Histologic reactions to L. donovani in the livers of WT 129/Sv (A to C) and 129/Sv GzmA×B cluster DKO (D to F) mice 2 to 8 weeks after infection. At week 2 (A and D), little tissue inflammatory response is evident in either strain, but parasitized Kupffer cells, difficult to discern in WT mice, are obvious in DKO mice (arrows) (D). At week 4 (B and E), both strains show developing/mature granulomas, largely parasite free in WT mice (B) but heavily infected in GzmA×B cluster DKO mice (E); the latter show no cellular response at some adjacent infected foci (arrows). At week 8 (C and F), parasite-free granulomas persist in WT mice (C), while inflammatory cell responses have prematurely receded or are entirely extinguished at heavily infected foci in GzmA×B cluster DKO mice (F). Original magnification, ×400 to ×500. See Fig. S5 in the supplemental material for corresponding low-power photomicrographs.
Liver granuloma assembly (A), maturation (B), and antileishmanial function (C) in WT 129/Sv mice and 129/Sv mice deficient in both GzmA and the GzmB cluster (GzmA×B cluster DKO) after L. donovani infection. Results are from 2 experiments and show mean values ± SEM for 6 to 7 mice per group at each time point. Asterisks indicate significant differences (*, P < 0.05) from the corresponding WT results.
In 129/Sv GzmA×B cluster DKO mice, the tissue inflammatory reaction at week 2 was similarly minimal to absent; in contrast to WT mice, however, intracellular parasites were abundant microscopically (Fig. 6). Developing and mature-appearing granulomas also emerged at weeks 3 to 4 in DKO mice but targeted only ∼40% of infected foci, many of which remained heavily parasitized at week 4 (Fig. 6 and 7; see also Fig. S5 in the supplemental material). Remarkably, rather than progressing, the granulomatous response was mostly extinguished by week 8 (Fig. 7; see also Fig. S5 in the supplemental material). At this time and at week 12 (not shown), >50% of infected DKO liver foci had devolved to a multinucleated core of fused Kupffer cells, crowded with intracellular amastigotes and surrounded by few or no retained mononuclear cells (Fig. 6F). This unusual, premature disassembling of granulomas differed obviously from the tissue response in 8-week-infected WT 129/Sv mice (Fig. 6C), as well as from the fully maintained, largely parasite free week 8 granulomas in B6 mice also deficient in GzmA and the GzmB cluster (Fig. 4L).

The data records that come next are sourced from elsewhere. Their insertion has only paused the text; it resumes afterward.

(* Generalized PAV does not satisfy EJR-M: there exists an instance and an allocation selected by Generalized PAV that violates EJR-M.
   Context: Model: There is a set of agents $N=\{1,\dots,n\}$. The resource $R$ consists of a cake $C=[0,c]$ for a real $c\ge 0$ and a set of indivisible goods $G=\{g_1,\dots,g_m\}$ for an integer $m\ge 0$, with $\max(c,m)>0$. A piece of cake is a union of finitely many disjoint closed subintervals of $C$; its length $\ell(\cdot)$ is the sum of the lengths of its intervals. A bundle $R'=(C',G')$ consists of a piece of cake $C'\subseteq C$ and a set $G'\subseteq G$; its size is $s(R')=\ell(C')+|G'|$. Each agent $i$ approves a bundle $R_i=(C_i,G_i)$, and her utility for a bundle $R'$ is $u_i(R')=\ell(C_i\cap C')+|G_i\cap G'|$. A parameter $\alpha\in(0,c+m]$ is given; an allocation is a bundle $A$ with $s(A)\le\alpha$. For a real $t>0$, $N^*\subseteq N$ is $t$-cohesive if $|N^*|\ge t n/\alpha$ and $s(\bigcap_{i\in N^*}R_i)\ge t$. EJR-M: an allocation $A$ satisfies EJR-M if for every real $t>0$ and every $t$-cohesive group $N^*$ for which there exists a bundle $R^*\subseteq R$ with $s(R^* )=t$ and $R^*\subseteq R_i$ for all $i\in N^*$, there is $j\in N^*$ with $u_j(A)\ge t$. Generalized harmonic numbers: $H_x\coloneqq\sum_{k=1}^\infty\frac{x}{k(x+k)}$ for real $x\ge0$. Generalized PAV selects an allocation $R'$ with $s(R')\le\alpha$ maximizing $\sum_{i\in N}H_{u_i(R')}$. *)

From HB Require Import structures.
From mathcomp Require Import all_boot all_order all_algebra.
From mathcomp Require Import all_classical all_reals all_analysis.
Set Implicit Arguments. Unset Strict Implicit. Unset Printing Implicit Defensive.
Import Order.TTheory GRing.Theory Num.Theory.
Local Open Scope classical_set_scope.
Local Open Scope ring_scope.

Section Defs.
Variable R : realType.

Definition is_piece (c : R) (P : set R) : Prop :=
  exists s : seq (R * R),
    (forall p, p \in s -> 0 <= p.1 /\ p.1 <= p.2 /\ p.2 <= c) /\
    (forall i j, (i < j < size s)%N ->
        (nth (0,0) s i).2 < (nth (0,0) s j).1 \/
        (nth (0,0) s j).2 < (nth (0,0) s i).1) /\
    P = \bigcup_(p in [set q | q \in s]) `[p.1, p.2]%classic.

Definition len (P : set R) : R := fine (@lebesgue_measure R P).

Record bundle (m : nat) := Bundle { bcake : set R ; bgoods : {set 'I_m} }.

Definition is_bundle (c : R) (m : nat) (B : bundle m) : Prop := is_piece c (bcake B).

Definition bsize (m : nat) (B : bundle m) : R := len (bcake B) + (#|bgoods B|)%:R.

Definition bsub (m : nat) (B B' : bundle m) : Prop :=
  bcake B `<=` bcake B' /\ bgoods B \subset bgoods B'.

Definition util (m : nat) (Ri B : bundle m) : R :=
  len (bcake Ri `&` bcake B) + (#|bgoods Ri :&: bgoods B|)%:R.

Definition bigcap_bundle (n m : nat) (Rb : 'I_n -> bundle m) (S : {set 'I_n}) : bundle m :=
  Bundle [set x | forall i, i \in S -> bcake (Rb i) x]
         (\bigcap_(i in S) bgoods (Rb i)).

Definition genH (x : R) : R :=
  limn (fun N : nat => \sum_(1 <= k < N) (x / (k%:R * (x + k%:R)))).

Definition valid_instance (n : nat) (c : R) (m : nat) (Rb : 'I_n -> bundle m) (alpha : R) : Prop :=
  (0 < n)%N /\ 0 <= c /\ 0 < Num.max c m%:R /\
  (forall i, is_bundle c (Rb i)) /\ 0 < alpha /\ alpha <= c + m%:R.

Definition is_allocation (c : R) (m : nat) (alpha : R) (A : bundle m) : Prop :=
  is_bundle c A /\ bsize A <= alpha.

Definition t_cohesive (n m : nat) (Rb : 'I_n -> bundle m) (alpha t : R) (S : {set 'I_n}) : Prop :=
  t * n%:R / alpha <= (#|S|)%:R /\ t <= bsize (bigcap_bundle Rb S).

Definition EJRM (n : nat) (c : R) (m : nat) (Rb : 'I_n -> bundle m) (alpha : R) (A : bundle m) : Prop :=
  forall (t : R) (S : {set 'I_n}), 0 < t -> t_cohesive Rb alpha t S ->
    (exists Rs : bundle m, is_bundle c Rs /\ bsize Rs = t /\ forall i, i \in S -> bsub Rs (Rb i)) ->
    exists2 j, j \in S & t <= util (Rb j) A.

Definition PAV_score (n m : nat) (Rb : 'I_n -> bundle m) (A : bundle m) : R :=
  \sum_(i < n) genH (util (Rb i) A).

Definition PAV_selects (n : nat) (c : R) (m : nat) (Rb : 'I_n -> bundle m) (alpha : R) (A : bundle m) : Prop :=
  is_allocation c alpha A /\
  forall B : bundle m, is_allocation c alpha B -> PAV_score Rb B <= PAV_score Rb A.

End Defs.

(* Two agents approve only a single good, a third only the cake [0, 1], and alpha = 1.
   Selecting the good scores 2 H_1 >= 1, whereas any allocation without it scores
   H_x <= 1 for some x <= 1; an allocation containing the good has no room for cake.
   So PAV may select the good, although, as n / alpha = 3, the third agent alone is
   1/3-cohesive and gets utility 0. *)

From mathcomp Require Import all_boot all_order all_algebra.
From mathcomp Require Import all_classical all_reals all_analysis.
From mathcomp Require Import ring lra.
Import Order.TTheory GRing.Theory Num.Theory.
Import numFieldNormedType.Exports.
Local Open Scope ring_scope.
Local Open Scope classical_set_scope.

Section Length.
Context {R : realType}.

Lemma lebesgue_measure_le {A B : set R} :
  A `<=` B -> (lebesgue_measure A <= lebesgue_measure B)%E.
Proof. exact: (le_outer_measure ((wlength (@idfun R))^*)%mu). Qed.

Lemma lebesgue_measure_itvcc (a b : R) :
  a <= b -> lebesgue_measure `[a, b] = (b - a)%:E.
Proof.
move=> ab; rewrite lebesgue_measure_itv /= lte_fin.
by case: ltgtP ab => // -> _; rewrite subrr.
Qed.

Lemma len_itv (a b : R) : a <= b -> len `[a, b] = b - a.
Proof. by move=> ab; rewrite /len lebesgue_measure_itvcc. Qed.

Lemma len0 : len (set0 : set R) = 0.
Proof. by rewrite /len measure0. Qed.

Lemma len_ge0 (A : set R) : 0 <= len A.
Proof. exact/fine_ge0/measure_ge0. Qed.

Lemma lebesgue_measure_fin_num (a b : R) (A : set R) :
  A `<=` `[a, b] -> lebesgue_measure A \is a fin_num.
Proof.
move=> Aab; rewrite ge0_fin_numE ?measure_ge0 //.
apply: le_lt_trans (lebesgue_measure_le Aab) _.
by rewrite lebesgue_measure_itv /=; case: ifP => _; rewrite ?ltry.
Qed.

Lemma len_le (a b : R) (A B : set R) :
  A `<=` B -> B `<=` `[a, b] -> len A <= len B.
Proof.
move=> AB Bab; apply: fine_le; last exact: lebesgue_measure_le.
- exact: lebesgue_measure_fin_num (subset_trans AB Bab).
- exact: lebesgue_measure_fin_num Bab.
Qed.

Lemma len_le_itv (a b : R) (A : set R) : a <= b -> A `<=` `[a, b] -> len A <= b - a.
Proof. by move=> ab Aab; rewrite -len_itv //; exact: len_le Aab (@subset_refl _ _). Qed.

End Length.

Section Pieces.
Context {R : realType}.

Lemma is_piece0 (c : R) : is_piece c set0.
Proof.
exists [::]; split => //; split; first by move=> i j; rewrite /= ltn0 andbF.
by apply/seteqP; split => x // [p]; rewrite /= in_nil.
Qed.

Lemma is_piece_itv (c a b : R) : 0 <= a -> a <= b -> b <= c -> is_piece c `[a, b].
Proof.
move=> a0 ab bc; exists [:: (a, b)]; split.
  by move=> p; rewrite inE => /eqP -> /=.
split; first by move=> [|i] [|j] //=; rewrite andbF.
apply/seteqP; split => x; first by exists (a, b) => //=; rewrite inE.
by case=> p /=; rewrite inE => /eqP ->.
Qed.

Lemma is_piece_sub {c : R} {P : set R} : is_piece c P -> P `<=` `[0, c].
Proof.
case=> s [sC [_ ->]] x [p /= /sC [p0 [_ p2]]].
rewrite /= !in_itv /= => /andP[px xp].
by rewrite (le_trans p0 px) (le_trans xp p2).
Qed.

End Pieces.

Section GeneralizedHarmonic.
Context {R : realType}.

Definition genH_partial (x : R) (N : nat) : R :=
  \sum_(1 <= k < N) x / (k%:R * (x + k%:R)).

Lemma genHE (x : R) : genH x = limn (genH_partial x).
Proof. by []. Qed.

Lemma genH_partial_nd (x : R) : 0 <= x -> nondecreasing_seq (genH_partial x).
Proof.
move=> x0; apply/nondecreasing_seqP => -[|N]; first by rewrite /genH_partial !big_geq.
rewrite /genH_partial [leRHS]big_nat_recr //= lerDl.
by apply: divr_ge0 => //; rewrite mulr_ge0 ?addr_ge0.
Qed.

(* For x <= 1 the k-th term is at most 1/k - 1/(k+1), so the partial sums telescope below 1. *)
Lemma genH_partial_le1 (x : R) (N : nat) : 0 <= x <= 1 -> genH_partial x N <= 1.
Proof.
move=> /andP[x0 x1]; case: N => [|N]; first by rewrite /genH_partial big_geq.
apply: (@le_trans _ _ (\sum_(1 <= k < N.+1) ((- k.+1%:R^-1) - (- k%:R^-1)))).
  apply: ler_sum_nat => k /andP[k1 _].
  have k0 : 0 < k%:R :> R by rewrite ltr0n.
  have xk : 0 < x + k%:R by rewrite ltr_wpDl.
  rewrite -subr_ge0.
  have -> : - k.+1%:R^-1 - - k%:R^-1 - x / (k%:R * (x + k%:R))
            = k%:R * (1 - x) / (k%:R * k.+1%:R * (x + k%:R)) :> R.
    by rewrite -natr1; field; rewrite !lt0r_neq0 // natr1 ltr0n.
  by rewrite divr_ge0 ?mulr_ge0 ?subr_ge0 // ltW.
rewrite (telescope_sumr (fun k => - k%:R^-1)) // invr1 opprK.
by rewrite gerDr oppr_le0 invr_ge0.
Qed.

Lemma genH_partial_cvg (x : R) : 0 <= x <= 1 -> cvgn (genH_partial x).
Proof.
move=> x01; apply: nondecreasing_is_cvgn; first by apply: genH_partial_nd; case/andP: x01.
by exists 1 => _ [N _ <-]; exact: genH_partial_le1.
Qed.

Lemma genH0 : genH (0 : R) = 0.
Proof.
rewrite genHE; have -> : genH_partial 0 = fun=> 0.
  by apply: funext => N; rewrite /genH_partial big1 // => k _; rewrite mul0r.
exact: lim_cst.
Qed.

Lemma genH_le1 (x : R) : 0 <= x <= 1 -> genH x <= 1.
Proof.
move=> x01; rewrite genHE; apply: limr_le; first exact: genH_partial_cvg.
by apply: nearW => N; exact: genH_partial_le1.
Qed.

Lemma genH1_ge_half : 2^-1 <= genH (1 : R).
Proof.
have x01 : 0 <= (1 : R) <= 1 by rewrite ler01 lexx.
rewrite genHE.
apply: le_trans (nondecreasing_cvgn_le (genH_partial_nd 1 ler01) (genH_partial_cvg 1 x01) 2).
by rewrite /genH_partial big_nat1 !mul1r.
Qed.

End GeneralizedHarmonic.

Lemma bigcap_bundle1 (R : realType) (n m : nat) (Rb : 'I_n -> bundle R m) (i : 'I_n) :
  bigcap_bundle Rb [set i]%SET = Rb i.
Proof.
transitivity (Bundle (bcake (Rb i)) (bgoods (Rb i))); last by case: (Rb i).
rewrite /bigcap_bundle big_set1; congr Bundle.
by apply/seteqP; split => [x /(_ i (set11 _))|x ? j /set1P ->].
Qed.

Section Counterexample.
Variable R : realType.

Definition goods_bundle : bundle R 1 := Bundle set0 [set: 'I_1]%SET.
Definition cake_bundle : bundle R 1 := Bundle `[0, 1] finset.set0.

Definition profile (i : 'I_3) : bundle R 1 :=
  if i == ord_max then cake_bundle else goods_bundle.

Lemma util_goods_bundle (B : bundle R 1) : util goods_bundle B = #|bgoods B|%:R.
Proof. by rewrite /util set0I len0 finset.setTI add0r. Qed.

Lemma util_cake_bundle (B : bundle R 1) : util cake_bundle B = len (`[0, 1] `&` bcake B).
Proof. by rewrite /util finset.set0I cards0 addr0. Qed.

Lemma PAV_score_profile (B : bundle R 1) :
  PAV_score profile B = genH #|bgoods B|%:R *+ 2 + genH (len (`[0, 1] `&` bcake B)).
Proof.
by rewrite /PAV_score !big_ord_recr big_ord0 /= /profile /= util_goods_bundle util_cake_bundle add0r.
Qed.

Lemma valid_profile : valid_instance 1 profile 1.
Proof.
split=> //; split; first exact: ler01.
split; first by rewrite lt_max ltr01.
split; last by rewrite ltr01 lerDl ler01.
move=> i; rewrite /is_bundle /profile; case: eqP => _ /=.
  by apply: is_piece_itv; rewrite ?ler01.
exact: is_piece0.
Qed.

Lemma PAV_selects_goods_bundle : PAV_selects 1 profile 1 goods_bundle.
Proof.
split.
  split; first exact: is_piece0.
  by rewrite /bsize /= len0 cardsT card_ord add0r.
move=> B [pieceB sizeB].
have genH1 : 2^-1 <= genH (1 : R) := genH1_ge_half.
rewrite !PAV_score_profile /= cardsT card_ord setI0 len0 genH0 addr0.
have cap_ge0 := len_ge0 (`[0, 1] `&` bcake B).
move: sizeB; rewrite /bsize; have := max_card (bgoods B); rewrite card_ord.
case: #|bgoods B| => [|[|//]] _ sizeB.
- have cap_le1 : len (`[0, 1] `&` bcake B) <= 1.
    by rewrite -[leRHS]subr0; apply: len_le_itv; rewrite ?ler01 //; exact: subIsetl.
  have : genH (len (`[0, 1] `&` bcake B)) <= 1 by apply: genH_le1; rewrite cap_ge0.
  rewrite genH0 mul0rn add0r; lra.
- have cap_le : len (`[0, 1] `&` bcake B) <= len (bcake B).
    exact: len_le (@subIsetr _ _ _) (is_piece_sub pieceB).
  have -> : len (`[0, 1] `&` bcake B) = 0 by apply/eqP; rewrite eq_le cap_ge0; lra.
  by rewrite genH0 addr0.
Qed.

Lemma not_EJRM_goods_bundle : ~ EJRM 1 profile 1 goods_bundle.
Proof.
have t0 : 0 < 3^-1 :> R by rewrite invr_gt0 ltr0n.
move=> /(_ 3^-1 [set ord_max]%SET t0) [].
- split; first by rewrite cards1 divr1 mulVf // pnatr_eq0.
  rewrite bigcap_bundle1 /profile eqxx /bsize cards0 addr0 len_itv ?ler01 // subr0; lra.
- exists (Bundle `[0, 3^-1] finset.set0); split.
    by apply: (@is_piece_itv _ 1 0 3^-1); lra.
  split; first by rewrite /bsize cards0 addr0 len_itv ?subr0.
  move=> i /set1P ->; rewrite /profile eqxx; split => /=; last exact: finset.sub0set.
  by apply: subset_itvl; rewrite bnd_simp; lra.
- by move=> j /set1P ->; rewrite /profile eqxx util_cake_bundle setI0 len0 leNgt t0.
Qed.

End Counterexample.

Theorem mainTheorem10 (R : realType) :
  exists (n : nat) (c : R) (m : nat) (Rb : 'I_n -> bundle R m) (alpha : R) (A : bundle R m),
    valid_instance c Rb alpha /\ PAV_selects c Rb alpha A /\ ~ EJRM c Rb alpha A.
Proof.
exists 3%N, 1, 1%N, (@profile R), 1, (@goods_bundle R).
split; [exact: valid_profile | split; [exact: PAV_selects_goods_bundle | exact: not_EJRM_goods_bundle]].
Qed.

(iii) Response to chemotherapy.129/Sv GzmA×B cluster DKO mice did demonstrate one intact host mechanism: initial responsiveness to Sb chemotherapy (Table 1). Nevertheless, and in contrast to treated WT 129/Sv mice (and treated B6 GzmA×B cluster DKO mice, as noted above), once the effect of single-dose Sb waned, the replication of residual parasites resumed in 129/Sv DKO mice, yielding posttreatment relapse at week 12 (Fig. 5B). The histologic appearance of livers in Sb-treated GzmA×B cluster DKO mice at week 12 was similar to that shown for untreated GzmA×B cluster DKO mice in Fig. 6F.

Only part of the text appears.